## [Exercise description]
Determine the count of lines in the following entries that contain the string "apply". Write only the number.

Supplied records START

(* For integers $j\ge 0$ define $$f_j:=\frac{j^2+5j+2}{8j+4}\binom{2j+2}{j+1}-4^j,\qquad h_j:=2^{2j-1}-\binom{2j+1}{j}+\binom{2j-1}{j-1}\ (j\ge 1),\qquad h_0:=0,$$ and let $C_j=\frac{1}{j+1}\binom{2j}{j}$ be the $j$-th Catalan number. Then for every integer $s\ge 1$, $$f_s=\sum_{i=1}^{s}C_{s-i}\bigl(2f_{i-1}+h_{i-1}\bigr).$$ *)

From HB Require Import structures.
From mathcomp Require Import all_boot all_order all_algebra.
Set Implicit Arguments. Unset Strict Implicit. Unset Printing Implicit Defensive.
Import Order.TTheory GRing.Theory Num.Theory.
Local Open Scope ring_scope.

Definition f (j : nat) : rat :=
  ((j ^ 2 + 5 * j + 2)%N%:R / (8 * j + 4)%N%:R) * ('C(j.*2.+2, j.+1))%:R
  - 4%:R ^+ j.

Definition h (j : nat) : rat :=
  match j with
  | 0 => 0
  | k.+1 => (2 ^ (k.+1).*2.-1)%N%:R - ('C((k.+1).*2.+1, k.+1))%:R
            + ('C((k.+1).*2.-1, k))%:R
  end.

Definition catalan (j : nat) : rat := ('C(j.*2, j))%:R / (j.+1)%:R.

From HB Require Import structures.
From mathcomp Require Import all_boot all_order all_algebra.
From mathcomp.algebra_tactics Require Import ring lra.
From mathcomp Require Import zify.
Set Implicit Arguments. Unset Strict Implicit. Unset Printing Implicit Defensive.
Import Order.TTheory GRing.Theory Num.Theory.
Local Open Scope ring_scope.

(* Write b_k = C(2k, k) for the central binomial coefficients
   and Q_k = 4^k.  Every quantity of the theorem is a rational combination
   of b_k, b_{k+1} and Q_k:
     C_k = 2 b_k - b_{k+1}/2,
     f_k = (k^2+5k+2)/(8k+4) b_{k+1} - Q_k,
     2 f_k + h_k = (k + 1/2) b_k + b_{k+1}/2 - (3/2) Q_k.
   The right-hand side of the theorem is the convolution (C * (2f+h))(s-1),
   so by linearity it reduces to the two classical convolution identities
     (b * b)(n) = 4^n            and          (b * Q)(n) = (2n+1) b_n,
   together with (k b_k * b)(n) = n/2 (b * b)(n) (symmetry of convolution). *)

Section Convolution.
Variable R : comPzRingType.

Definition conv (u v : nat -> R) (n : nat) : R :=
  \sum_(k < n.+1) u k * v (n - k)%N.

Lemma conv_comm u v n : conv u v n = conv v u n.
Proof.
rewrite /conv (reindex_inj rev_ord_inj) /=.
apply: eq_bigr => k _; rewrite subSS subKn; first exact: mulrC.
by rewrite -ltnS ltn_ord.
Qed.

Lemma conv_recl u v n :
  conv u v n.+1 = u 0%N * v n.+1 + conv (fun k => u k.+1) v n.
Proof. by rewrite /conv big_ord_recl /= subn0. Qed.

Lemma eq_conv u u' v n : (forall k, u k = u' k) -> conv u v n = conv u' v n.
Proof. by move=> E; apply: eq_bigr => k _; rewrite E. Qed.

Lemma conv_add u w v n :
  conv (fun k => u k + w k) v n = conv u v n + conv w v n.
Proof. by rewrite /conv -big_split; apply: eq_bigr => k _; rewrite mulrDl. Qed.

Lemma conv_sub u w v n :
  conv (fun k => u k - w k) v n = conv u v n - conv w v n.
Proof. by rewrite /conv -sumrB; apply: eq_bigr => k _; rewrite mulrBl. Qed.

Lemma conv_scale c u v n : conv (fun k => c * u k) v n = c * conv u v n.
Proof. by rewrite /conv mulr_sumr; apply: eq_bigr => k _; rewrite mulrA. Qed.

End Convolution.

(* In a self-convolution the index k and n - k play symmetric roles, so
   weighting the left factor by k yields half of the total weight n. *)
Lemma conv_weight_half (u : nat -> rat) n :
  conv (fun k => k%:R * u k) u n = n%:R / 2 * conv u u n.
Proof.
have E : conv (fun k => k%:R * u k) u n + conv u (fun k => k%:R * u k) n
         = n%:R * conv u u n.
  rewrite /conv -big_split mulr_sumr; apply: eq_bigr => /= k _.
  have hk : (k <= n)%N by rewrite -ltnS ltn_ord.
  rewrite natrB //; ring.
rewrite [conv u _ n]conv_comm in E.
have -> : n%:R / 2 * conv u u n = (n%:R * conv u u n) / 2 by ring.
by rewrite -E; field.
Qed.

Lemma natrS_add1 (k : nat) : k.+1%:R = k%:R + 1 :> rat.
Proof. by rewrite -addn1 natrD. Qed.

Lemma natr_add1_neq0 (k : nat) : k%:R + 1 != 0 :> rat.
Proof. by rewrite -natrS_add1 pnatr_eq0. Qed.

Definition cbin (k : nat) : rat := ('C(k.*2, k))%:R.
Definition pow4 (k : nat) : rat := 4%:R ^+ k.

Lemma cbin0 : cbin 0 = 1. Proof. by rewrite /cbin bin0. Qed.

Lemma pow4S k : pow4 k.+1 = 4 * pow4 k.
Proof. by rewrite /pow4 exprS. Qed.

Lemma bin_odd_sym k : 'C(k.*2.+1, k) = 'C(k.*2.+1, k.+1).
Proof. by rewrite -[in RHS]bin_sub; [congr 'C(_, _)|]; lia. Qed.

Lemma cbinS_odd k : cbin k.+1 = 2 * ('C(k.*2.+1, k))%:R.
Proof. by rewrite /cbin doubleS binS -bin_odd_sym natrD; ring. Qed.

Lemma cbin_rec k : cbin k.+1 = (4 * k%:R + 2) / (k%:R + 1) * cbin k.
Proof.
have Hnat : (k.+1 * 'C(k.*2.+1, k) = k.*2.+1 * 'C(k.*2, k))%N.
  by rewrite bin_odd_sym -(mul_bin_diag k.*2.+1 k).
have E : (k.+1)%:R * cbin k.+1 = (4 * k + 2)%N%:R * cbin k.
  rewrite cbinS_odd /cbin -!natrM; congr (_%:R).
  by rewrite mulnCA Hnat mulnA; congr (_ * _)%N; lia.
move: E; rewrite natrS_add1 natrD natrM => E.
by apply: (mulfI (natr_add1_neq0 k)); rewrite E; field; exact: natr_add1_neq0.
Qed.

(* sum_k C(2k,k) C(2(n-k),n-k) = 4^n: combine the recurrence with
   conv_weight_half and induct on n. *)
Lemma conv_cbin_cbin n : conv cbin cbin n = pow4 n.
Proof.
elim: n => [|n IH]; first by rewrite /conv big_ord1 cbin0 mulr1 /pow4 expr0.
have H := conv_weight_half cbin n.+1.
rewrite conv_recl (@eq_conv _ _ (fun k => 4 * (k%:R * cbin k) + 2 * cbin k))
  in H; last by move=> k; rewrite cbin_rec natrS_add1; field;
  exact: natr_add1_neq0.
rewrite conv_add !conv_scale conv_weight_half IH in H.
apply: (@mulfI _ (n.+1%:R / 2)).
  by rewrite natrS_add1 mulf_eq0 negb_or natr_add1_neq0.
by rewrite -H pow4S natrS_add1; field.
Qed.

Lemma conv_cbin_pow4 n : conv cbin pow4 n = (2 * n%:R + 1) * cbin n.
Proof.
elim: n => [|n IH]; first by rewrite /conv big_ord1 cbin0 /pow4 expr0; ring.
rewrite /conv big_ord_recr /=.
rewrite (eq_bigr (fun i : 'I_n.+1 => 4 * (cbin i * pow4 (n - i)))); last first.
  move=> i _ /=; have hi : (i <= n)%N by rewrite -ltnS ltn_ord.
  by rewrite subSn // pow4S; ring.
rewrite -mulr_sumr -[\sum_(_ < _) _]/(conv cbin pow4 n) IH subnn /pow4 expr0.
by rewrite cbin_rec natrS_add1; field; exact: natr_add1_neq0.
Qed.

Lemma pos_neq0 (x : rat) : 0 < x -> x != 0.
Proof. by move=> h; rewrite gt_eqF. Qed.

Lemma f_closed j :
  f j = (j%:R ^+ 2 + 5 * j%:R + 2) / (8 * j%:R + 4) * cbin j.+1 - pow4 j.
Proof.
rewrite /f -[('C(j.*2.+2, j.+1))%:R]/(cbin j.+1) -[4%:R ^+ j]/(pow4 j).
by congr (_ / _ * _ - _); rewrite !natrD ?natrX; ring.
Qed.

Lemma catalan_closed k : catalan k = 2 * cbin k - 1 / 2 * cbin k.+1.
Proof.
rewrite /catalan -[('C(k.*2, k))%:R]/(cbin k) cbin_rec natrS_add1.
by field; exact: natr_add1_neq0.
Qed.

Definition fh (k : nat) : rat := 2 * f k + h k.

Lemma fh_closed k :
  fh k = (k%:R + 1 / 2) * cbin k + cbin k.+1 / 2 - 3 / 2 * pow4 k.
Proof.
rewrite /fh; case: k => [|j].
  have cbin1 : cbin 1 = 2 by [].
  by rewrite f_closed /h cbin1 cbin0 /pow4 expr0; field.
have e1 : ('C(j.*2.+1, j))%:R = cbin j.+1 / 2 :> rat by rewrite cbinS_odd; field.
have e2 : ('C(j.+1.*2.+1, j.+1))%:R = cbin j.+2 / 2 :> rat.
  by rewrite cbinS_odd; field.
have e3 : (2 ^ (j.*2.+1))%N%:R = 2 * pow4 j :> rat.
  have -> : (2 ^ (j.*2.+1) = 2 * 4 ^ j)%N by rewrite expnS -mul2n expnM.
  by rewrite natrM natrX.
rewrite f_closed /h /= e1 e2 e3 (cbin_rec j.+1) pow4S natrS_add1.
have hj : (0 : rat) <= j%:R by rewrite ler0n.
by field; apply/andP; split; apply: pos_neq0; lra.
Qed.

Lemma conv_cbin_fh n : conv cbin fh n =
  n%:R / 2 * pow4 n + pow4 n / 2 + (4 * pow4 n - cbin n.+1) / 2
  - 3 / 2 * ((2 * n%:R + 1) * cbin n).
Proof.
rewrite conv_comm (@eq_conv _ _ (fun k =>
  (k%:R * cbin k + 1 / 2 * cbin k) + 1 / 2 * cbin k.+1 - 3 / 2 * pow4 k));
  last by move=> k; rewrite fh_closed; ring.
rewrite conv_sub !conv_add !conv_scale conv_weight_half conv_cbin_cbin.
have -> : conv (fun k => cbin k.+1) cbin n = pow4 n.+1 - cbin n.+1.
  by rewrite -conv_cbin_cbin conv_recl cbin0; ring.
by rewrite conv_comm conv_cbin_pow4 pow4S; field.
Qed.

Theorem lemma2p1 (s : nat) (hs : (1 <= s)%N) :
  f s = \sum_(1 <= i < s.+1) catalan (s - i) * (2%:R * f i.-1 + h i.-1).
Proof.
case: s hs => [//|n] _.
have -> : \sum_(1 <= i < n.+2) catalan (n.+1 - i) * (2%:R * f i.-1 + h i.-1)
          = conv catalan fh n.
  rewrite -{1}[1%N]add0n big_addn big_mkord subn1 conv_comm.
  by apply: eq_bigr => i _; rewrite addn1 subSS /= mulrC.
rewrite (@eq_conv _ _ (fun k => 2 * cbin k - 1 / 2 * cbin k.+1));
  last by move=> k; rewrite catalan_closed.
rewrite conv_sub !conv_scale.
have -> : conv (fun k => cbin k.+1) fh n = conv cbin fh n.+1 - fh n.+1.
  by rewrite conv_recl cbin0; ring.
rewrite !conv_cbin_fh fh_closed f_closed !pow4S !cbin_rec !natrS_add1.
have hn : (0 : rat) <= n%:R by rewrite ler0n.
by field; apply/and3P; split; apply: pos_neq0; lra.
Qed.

Supplied records END

## [Solution to the problem]
11